Sachse R, Ochmann K, Rohde G, Mück W
Institute of Clinical Pharmacology, Bayer AG, Wuppertal/Köln, Germany.
Int J Clin Pharmacol Ther. 1998 Oct;36(10):517-20.
Cerivastatin, a novel HMG-CoA reductase inhibitor, is exclusively cleared via cytochrome P450-mediated biotransformation and subsequent biliary and renal excretion of the metabolites. The presented study was performed to determine the influence of the gastric acid secretion inhibitor omeprazole on bioavailability and pharmacokinetics of cerivastatin.
In a controlled, randomized, non-blind two-way crossover study single oral doses of 0.3 mg cerivastatin were administered in 12 healthy male subjects under fasting conditions either alone or together with 20 mg omeprazole following a 4-day pretreatment with oral 20 mg omeprazole once daily.
The mean AUC and Cmax ratios (combination treatment versus monotherapy) including 90% confidence intervals were 1.00 (0.92 - 1.09) and 0.94 (0.80 - 1.16) for cerivastatin.
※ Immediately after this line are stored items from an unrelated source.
Theorem theorem1 (R : realType) (b : nat) (m n : 'I_b -> nat)
  (nrm : forall i : 'I_b, 'M[R]_(m i, n i) -> R)
  (f : blocks R m n -> R) (grad : blocks R m n -> blocks R m n) (fstar : R)
  (p : 'I_b -> R) (L : 'I_b -> {set 'I_b} -> R)
  (sharp : forall i : 'I_b, 'M[R]_(m i, n i) -> 'M[R]_(m i, n i))
  (x0 : blocks R m n) :
  (0 < b)%N ->
  (forall i, is_norm (nrm i)) ->
  has_gradient f grad -> continuousX grad ->
  (forall x, fstar <= f x) ->
  (forall i, 0 <= p i) -> \sum_(i < b) p i = 1 ->
  (forall i : 'I_b, nat_of_ord i = 0%N -> 0 < p i) ->
  (forall S, in_supp p S -> forall i, 0 <= L i S) ->
  (forall S, in_supp p S -> forall i, i \notin S -> L i S = 0) ->
  (forall S, in_supp p S -> forall (x G : blocks R m n),
      (forall i, i \notin S -> G i = 0) ->
      f (badd x G) - f x - ip (grad x) G
        <= \sum_(i in S) L i S / 2 * nrm i (G i) ^+ 2) ->
  (forall i, is_sharp (nrm i) (sharp i)) ->
  forall K : nat, (0 < K)%N ->
    K%:R^-1 * \sum_(k < K) \sum_(i < b)
        wgt p L i / (b%:R^-1 * \sum_(j < b) wgt p L j)
        * expect_k p grad sharp L x0 k (fun x => dualn (nrm i) (grad x i) ^+ 2)
    <= (f x0 - fstar) / (K%:R * (b%:R^-1 * \sum_(j < b) wgt p L j)).
Proof.
move=> _ normN _ _ f_ge p_ge0 p_sum1 _ L_ge0 _ smooth sharpN K _.
set W := b%:R^-1 * \sum_(j < b) wgt p L j.
have W_ge0 : 0 <= W.
  by rewrite mulr_ge0 ?invr_ge0 ?ler0n ?sumr_ge0 // => i _; apply: wgt_ge0.
have normalize k : \sum_(i < b) wgt p L i / W
      * expect_k p grad sharp L x0 k (fun x => dualn (nrm i) (grad x i) ^+ 2)
    = W^-1 * expect_k p grad sharp L x0 k (weighted_stationarity nrm grad p L).
  rewrite /expect_k mulr_sumr; under eq_bigr do rewrite mulr_sumr.
  rewrite exchange_big; apply: eq_bigr => t _.
  by rewrite !mulr_sumr; apply: eq_bigr => i _; rewrite /sqr_dual_grad; ring.
under eq_bigr do rewrite normalize.
have KW_ge0 : 0 <= (K%:R * W)^-1 by rewrite invr_ge0 mulr_ge0.
rewrite -mulr_sumr mulrA -invfM [X in _ <= X]mulrC ler_wpM2l //.
exact: (sum_expected_stationarity_le _ _ _ _ _ _ normN sharpN p_ge0 p_sum1 L_ge0 smooth _ f_ge).
Qed.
Similar results were obtained for the metabolites of cerivastatin and for omeprazole.
No metabolic inhibitory interaction was noted for either cerivastatin or its major active metabolites, nor for omeprazole, respectively. In addition, the change in gastric pH as consequence of the inhibition of gastric acid secretion exerted by omeprazole had no influence on cerivastatin absorption.
西立伐他汀是一种新型HMG-CoA还原酶抑制剂,仅通过细胞色素P450介导的生物转化以及随后代谢产物的胆汁和肾脏排泄进行清除。本研究旨在确定胃酸分泌抑制剂奥美拉唑对西立伐他汀生物利用度和药代动力学的影响。
在一项对照、随机、非盲的双向交叉研究中,12名健康男性受试者在禁食条件下,单次口服0.3mg西立伐他汀,给药方式为单独给药或在每天口服20mg奥美拉唑进行4天预处理后,与20mg奥美拉唑联合给药。
西立伐他汀的平均AUC和Cmax比值(联合治疗与单一疗法)包括90%置信区间分别为1.00(0.92 - 1.09)和0.94(0.80 - 1.16)。西立伐他汀代谢产物和奥美拉唑也获得了类似结果。
西立伐他汀及其主要活性代谢产物以及奥美拉唑均未观察到代谢抑制相互作用。此外,奥美拉唑抑制胃酸分泌导致的胃pH值变化对西立伐他汀的吸收没有影响。